The ultimate challenge, however, is not legislative or technical; it is cultural. The legal system's integrity depends on the presumption that evidence represents reality, not an algorithmically constructed version of it. CNBC's 2024 reporting on AI deepfakes in legal proceedings cited a 2023 Pew Research Centre survey finding that public trust in the US justice system stood at a historic low of 44% (CNBC, 2024). Introducing AI-generated evidence into this environment of diminished public trust, without a framework robust enough to guarantee authenticity, risks accelerating the erosion of the institution's legitimacy. As the NCSC (2026) has argued, AI tools can offer genuine benefits to courts but only if the framework governing their use maintains the court's truth-seeking function as the non-negotiable priority around which all other considerations are organised.
9. Conclusion
Artificial intelligence has arrived in the courtroom without a rulebook adequate to manage it. The legal system that confronted the admissibility of DNA evidence in the 1980s had the advantage of a clear scientific consensus about what DNA profiling could and could not establish; the scientific community, the legal academy, and ultimately the courts converged on a framework that has served justice reasonably well. AI-generated evidence does not offer the same clarity. It encompasses a range of technologies from recidivism algorithms to facial recognition to generative deepfake video. The reliability of these technologies varies enormously, and their biases are empirically documented; their potential for weaponisation by both state and private actors is structurally unconstrained by current law.

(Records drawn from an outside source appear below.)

(* Let $\eta>0$ and let $I=[u,u+\eta]$ and $J=[v,v+\eta]$ be two intervals contained in $[0,1]$. Then for all sufficiently large $n$ there exists an integer $a$ such that $$\frac{a}{F_n}\in I,\qquad \left\{\frac{F_{n-1}a}{F_n}\right\}\in J,\qquad 1\leqslant a<F_n,\qquad \gcd(a,F_n)=1.$$
   Context: $F_n$ denotes the $n$-th Fibonacci number ($F_1=F_2=1$, $F_{n+1}=F_n+F_{n-1}$). For a real number $t$, $\{t\}$ denotes its fractional part. *)

From Stdlib Require Import Reals Lra Lia Arith.
Open Scope R_scope.

Fixpoint fib (n : nat) : nat :=
  match n with
  | O => O
  | S m => match m with
           | O => 1%nat
           | S k => (fib m + fib k)%nat
           end
  end.

From Stdlib Require Import Reals Lra Lia Arith ZArith Znumtheory List.
Import ListNotations.

(* Write n = (p + 1) + (j + 2) with j in {p, p + 1}.  By d'Ocagne's identity, multiplication
   by F_(n-1) modulo F_n sends a = x F_(p+1) + y F_(p+2) to (-1)^p (x F_(j+2) - y F_(j+1)), and all
   four Fibonacci factors are O(sqrt F_n).  Solving this 2x2 system for (x, y) and rounding
   puts (a, F_(n-1) a mod F_n) within O(sqrt F_n) of any prescribed target.  Since F_(p+1) is
   invertible modulo F_n, a + k F_(p+1) is coprime to F_n as soon as k + c is (c fixed), and
   Legendre's sieve finds such a k below 4^omega(F_n) = O(F_n^(1/4)).  The total error
   O(F_n^(3/4)) is o(F_n), so for large n the point (a / F_n, {F_(n-1) a / F_n}) lands in any
   square of side eta. *)

Open Scope bool_scope.
Open Scope Z_scope.

Definition sieved (P : list Z) (x : Z) : bool :=
  forallb (fun p => negb (x mod p =? 0)) P.

Fixpoint count_below (f : nat -> bool) (K : nat) : nat :=
  match K with
  | O => O
  | S K' => (count_below f K' + if f K' then 1 else 0)%nat
  end.

Definition count_sieved (P : list Z) (c : Z) (K : nat) : nat :=
  count_below (fun k => sieved P (c + Z.of_nat k)) K.

Lemma count_below_split (f g : nat -> bool) (K : nat) :
  (count_below (fun k => negb (g k) && f k) K + count_below (fun k => g k && f k) K
   = count_below f K)%nat.
Proof. induction K as [|K IH]; simpl; [reflexivity|]. destruct (f K), (g K); simpl; lia. Qed.

Lemma count_below_pos (f : nat -> bool) (K : nat) :
  (0 < count_below f K)%nat -> exists k, (k < K)%nat /\ f k = true.
Proof.
  induction K as [|K IH]; simpl; [lia|].
  destruct (f K) eqn:E; intros H.
  - exists K; split; [lia | exact E].
  - destruct IH as [k [Hk Hf]]; [lia|]. exists k; split; [lia | exact Hf].
Qed.

Lemma mod_eqb_0_iff (p x : Z) : p <> 0 -> (x mod p =? 0) = true <-> (p | x).
Proof. intros Hp. rewrite Z.eqb_eq. exact (Z.mod_divide x p Hp). Qed.

Lemma prime_divide_prime_mul (p q y : Z) :
  prime p -> prime q -> p <> q -> (p | q * y) <-> (p | y).
Proof.
  intros Hp Hq Hpq. split.
  - intros H. destruct (prime_mult p Hp q y H) as [Hd|Hd]; [|exact Hd].
    exfalso. apply Hpq. exact (prime_div_prime p q Hp Hq Hd).
  - intros H. apply Z.divide_mul_r. exact H.
Qed.

Lemma sieved_prime_mul (q : Z) (P : list Z) (y : Z) :
  prime q -> ~ In q P -> (forall p, In p P -> prime p) ->
  sieved P (q * y) = sieved P y.
Proof.
  intros Hq. induction P as [|p P IH]; intros Hn HP; [reflexivity|]. simpl.
  assert (Hp : prime p) by (apply HP; left; reflexivity).
  assert (Hp0 : p <> 0) by (pose proof (prime_ge_2 p Hp); lia).
  rewrite IH; [| intros E; apply Hn; right; exact E | intros; apply HP; right; assumption].
  f_equal. f_equal. apply Bool.eq_iff_eq_true.
  rewrite !mod_eqb_0_iff by exact Hp0.
  apply prime_divide_prime_mul; [exact Hp | exact Hq |].
  intros E. apply Hn. left. exact E.
Qed.

Lemma count_sieved_multiples (q : Z) (P : list Z) (c j0 : Z) :
  prime q -> ~ In q P -> (forall p, In p P -> prime p) -> c <= q * j0 < c + q ->
  forall K : nat, exists M : nat,
    count_below (fun k => ((c + Z.of_nat k) mod q =? 0) && sieved P (c + Z.of_nat k)) K
      = count_sieved P j0 M /\
    c + Z.of_nat K <= q * (j0 + Z.of_nat M) < c + Z.of_nat K + q.
Proof.
  intros Hq Hn HP Hj. pose proof (prime_ge_2 q Hq).
  induction K as [|K [M [HM HB]]]; [exists O; unfold count_sieved; simpl; lia|].
  simpl count_below.
  destruct ((c + Z.of_nat K) mod q =? 0) eqn:E.
  - apply (mod_eqb_0_iff q) in E; [|lia]. destruct E as [t Ht].
    assert (Heq : q * (j0 + Z.of_nat M) = c + Z.of_nat K).
    { rewrite Ht in HB |- *. assert (t <= j0 + Z.of_nat M < t + 1) by nia. nia. }
    exists (S M). unfold count_sieved in *. simpl count_below.
    rewrite <- HM, <- Heq, sieved_prime_mul by assumption.
    split; [reflexivity | lia].
  - exists M. split; [simpl; lia|].
    assert (q * (j0 + Z.of_nat M) <> c + Z.of_nat K).
    { intros Heq. rewrite <- Heq, Z.mul_comm, Z.mod_mul in E by lia. discriminate. }
    lia.
Qed.

Open Scope R_scope.

Fixpoint sieve_density (P : list Z) : R :=
  match P with
  | [] => 1
  | q :: P' => (1 - / IZR q) * sieve_density P'
  end.

Lemma sieve_density_bounds (P : list Z) :
  (forall p, In p P -> prime p) -> (1/2) ^ length P <= sieve_density P <= 1.
Proof.
  induction P as [|q P IH]; intros HP; simpl; [lra|].
  assert (Hq : 2 <= IZR q) by (apply IZR_le, prime_ge_2, HP; left; reflexivity).
  destruct IH as [IH1 IH2]; [intros; apply HP; right; assumption|].
  assert (0 < / IZR q <= 1/2).
  { split; [apply Rinv_0_lt_compat; lra|].
    unfold Rdiv. rewrite Rmult_1_l. apply Rinv_le_contravar; lra. }
  assert (0 < (1/2) ^ length P) by (apply pow_lt; lra).
  split; nra.
Qed.

Lemma sieve_error_step (S1 S2 K M q r e : R) :
  2 <= q -> K - q < q * M < K + q -> 0 <= r <= 1 ->
  Rabs (S1 - K * r) <= e -> Rabs (S2 - M * r) <= e ->
  Rabs ((S1 - S2) - K * ((1 - / q) * r)) <= 2 * e + 1.
Proof.
  intros Hq HM Hr H1 H2.
  assert (HMK : Rabs (M - K * / q) <= 1).
  { assert (E : M - K * / q = (q * M - K) * / q) by (field; lra).
    assert (0 < / q) by (apply Rinv_0_lt_compat; lra).
    rewrite E, Rabs_mult, (Rabs_right (/ q)) by lra.
    assert (Rabs (q * M - K) <= q) by (apply Rabs_le; lra).
    replace 1 with (q * / q) by (field; lra). nra. }
  replace ((S1 - S2) - K * ((1 - / q) * r))
    with ((S1 - K * r) - (S2 - M * r) - (M - K * / q) * r) by ring.
  assert (Rabs ((M - K * / q) * r) <= 1).
  { rewrite Rabs_mult, (Rabs_right r) by lra. nra. }
  pose proof (Rabs_triang (S1 - K * r - (S2 - M * r)) (- ((M - K * / q) * r))).
  pose proof (Rabs_triang (S1 - K * r) (- (S2 - M * r))).
  rewrite !Rabs_Ropp in *. unfold Rminus in *. lra.
Qed.

(* Legendre's sieve: removing the multiples of one more prime q at most
   doubles the error, since the multiples of q in a window of length K are
   q times a window of length K/q + O(1). *)
Lemma sieve_error (P : list Z) :
  NoDup P -> (forall p, In p P -> prime p) -> forall (c : Z) (K : nat),
  Rabs (INR (count_sieved P c K) - INR K * sieve_density P) <= 2 ^ length P - 1.
Proof.
  induction P as [|q P IH]; intros HN HP c K.
  - assert (E : count_sieved [] c K = K).
    { unfold count_sieved. induction K as [|K IHK]; simpl in *; lia. }
    rewrite E. simpl. rewrite Rmult_1_r, Rminus_diag, Rabs_R0. lra.
  - apply NoDup_cons_iff in HN. destruct HN as [Hn HN].
    assert (HP' : forall p, In p P -> prime p) by (intros; apply HP; right; assumption).
    assert (Hq : prime q) by (apply HP; left; reflexivity).
    pose proof (prime_ge_2 q Hq) as Hq2.
    set (j0 := ((c + q - 1) / q)%Z).
    assert (Hj : (c <= q * j0 < c + q)%Z).
    { pose proof (Z.div_mod (c + q - 1) q ltac:(lia)).
      pose proof (Z.mod_pos_bound (c + q - 1) q ltac:(lia)). lia. }
    destruct (count_sieved_multiples q P c j0 Hq Hn HP' Hj K) as [M [HM HB]].
    assert (E : INR (count_sieved (q :: P) c K)
                = INR (count_sieved P c K) - INR (count_sieved P j0 M)).
    { assert (Hs : (count_sieved (q :: P) c K + count_sieved P j0 M = count_sieved P c K)%nat)
        by (rewrite <- HM; exact (count_below_split _ _ K)).
      rewrite <- Hs, plus_INR. ring. }
    assert (HqM : INR K - IZR q < IZR q * INR M < INR K + IZR q).
    { rewrite !INR_IZR_INZ, <- mult_IZR, <- minus_IZR, <- plus_IZR. split; apply IZR_lt; lia. }
    assert (Hr : 0 <= sieve_density P <= 1).
    { pose proof (sieve_density_bounds P HP').
      pose proof (pow_lt (1/2) (length P) ltac:(lra)). lra. }
    rewrite E. simpl sieve_density. simpl length.
    pose proof (sieve_error_step _ _ _ _ (IZR q) _ _ ltac:(apply IZR_le; lia) HqM Hr
      (IH HN HP' c K) (IH HN HP' j0 M)).
    simpl. lra.
Qed.

Lemma exists_sieved_in_window (P : list Z) :
  NoDup P -> (forall p, In p P -> prime p) -> forall (c : Z) (K : nat),
  (4 ^ length P <= K)%nat -> exists k : nat, (k < K)%nat /\ sieved P (c + Z.of_nat k) = true.
Proof.
  intros HN HP c K HK.
  apply count_below_pos.
  pose proof (sieve_error P HN HP c K) as Herr.
  destruct (sieve_density_bounds P HP) as [Hr _].
  apply le_INR in HK. rewrite pow_INR in HK. replace (INR 4) with 4 in HK by (simpl; ring).
  assert (H4 : 4 ^ length P * (1/2) ^ length P = 2 ^ length P).
  { rewrite <- Rpow_mult_distr. f_equal. field. }
  assert (0 < (1/2) ^ length P) by (apply pow_lt; lra).
  assert (2 ^ length P <= INR K * sieve_density P).
  { rewrite <- H4. apply Rmult_le_compat; [apply pow_le; lra | lra | exact HK | exact Hr]. }
  apply INR_lt. simpl.
  pose proof (Rle_abs (- (INR (count_sieved P c K) - INR K * sieve_density P))) as Habs.
  rewrite Rabs_Ropp in Habs. unfold count_sieved in *. lra.
Qed.

Open Scope Z_scope.

Definition prodZ (P : list Z) : Z := fold_right Z.mul 1 P.

Lemma prime_divisor_exists (N : Z) : 1 < N -> exists p, prime p /\ (p | N).
Proof.
  intros HN. assert (H0 : 0 <= N) by lia. revert HN. pattern N. apply Z_lt_induction; [|exact H0].
  intros x IH Hx. destruct (prime_dec x) as [Hp|Hp].
  - exists x. split; [exact Hp | apply Z.divide_refl].
  - destruct (not_prime_divide x Hx Hp) as [m [Hm Hmx]].
    destruct (IH m ltac:(lia) ltac:(lia)) as [p [Hp' Hpm]].
    exists p. split; [exact Hp' | exact (Z.divide_trans _ _ _ Hpm Hmx)].
Qed.

Lemma prime_factor_list (N : Z) : 1 <= N ->
  exists P, NoDup P /\ (forall p, In p P -> prime p) /\ prodZ P <= N /\
    (forall x, (forall p, In p P -> ~ (p | x)) -> rel_prime x N).
Proof.
  intros HN. assert (H0 : 0 <= N) by lia. revert HN. pattern N. apply Z_lt_induction; [|exact H0].
  clear N H0. intros N IH HN.
  destruct (Z.eq_dec N 1) as [->|HN1].
  { exists []. split; [constructor|]. split; [intros p []|]. split; [simpl; lia|].
    intros x _. apply rel_prime_sym, rel_prime_1. }
  destruct (prime_divisor_exists N ltac:(lia)) as [p [Hp [N' HN']]].
  pose proof (prime_ge_2 p Hp).
  destruct (IH N' ltac:(nia) ltac:(nia)) as [P [HPN [HPp [HPprod HPrel]]]].
  assert (Hrel : forall x, ~ (p | x) -> rel_prime x N' -> rel_prime x N).
  { intros x Hx Hx'. rewrite HN'. apply rel_prime_mult; [exact Hx'|].
    apply rel_prime_sym, prime_rel_prime; assumption. }
  destruct (In_dec Z.eq_dec p P) as [Hi|Hi].
  - exists P. split; [assumption|]. split; [assumption|]. split; [nia|].
    intros x Hx. apply Hrel; [apply Hx; exact Hi | apply HPrel; exact Hx].
  - exists (p :: P). split; [|split; [|split]].
    + constructor; assumption.
    + intros q [<-|Hq]; [exact Hp | apply HPp; exact Hq].
    + simpl. nia.
    + intros x Hx. apply Hrel; [apply Hx; left; reflexivity|].
      apply HPrel. intros q Hq. apply Hx. right. exact Hq.
Qed.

The legal implications examined in this paper converge on a single conclusion: the reliability, admissibility, and manipulation risks of AI-generated evidence are not merely technical problems to be solved by better algorithms. They are political and moral problems about who gets to construct legal reality, whose interests are served by the courts' fact-finding function, and whether the procedural protections that form the backbone of due process can survive the democratisation of sophisticated fabrication technology. The framework needed to address them must be developed urgently, comprehensively, and with full awareness that the stakes are not abstractions; they are the liberty and lives of the people who appear before courts in the most vulnerable circumstances of their lives.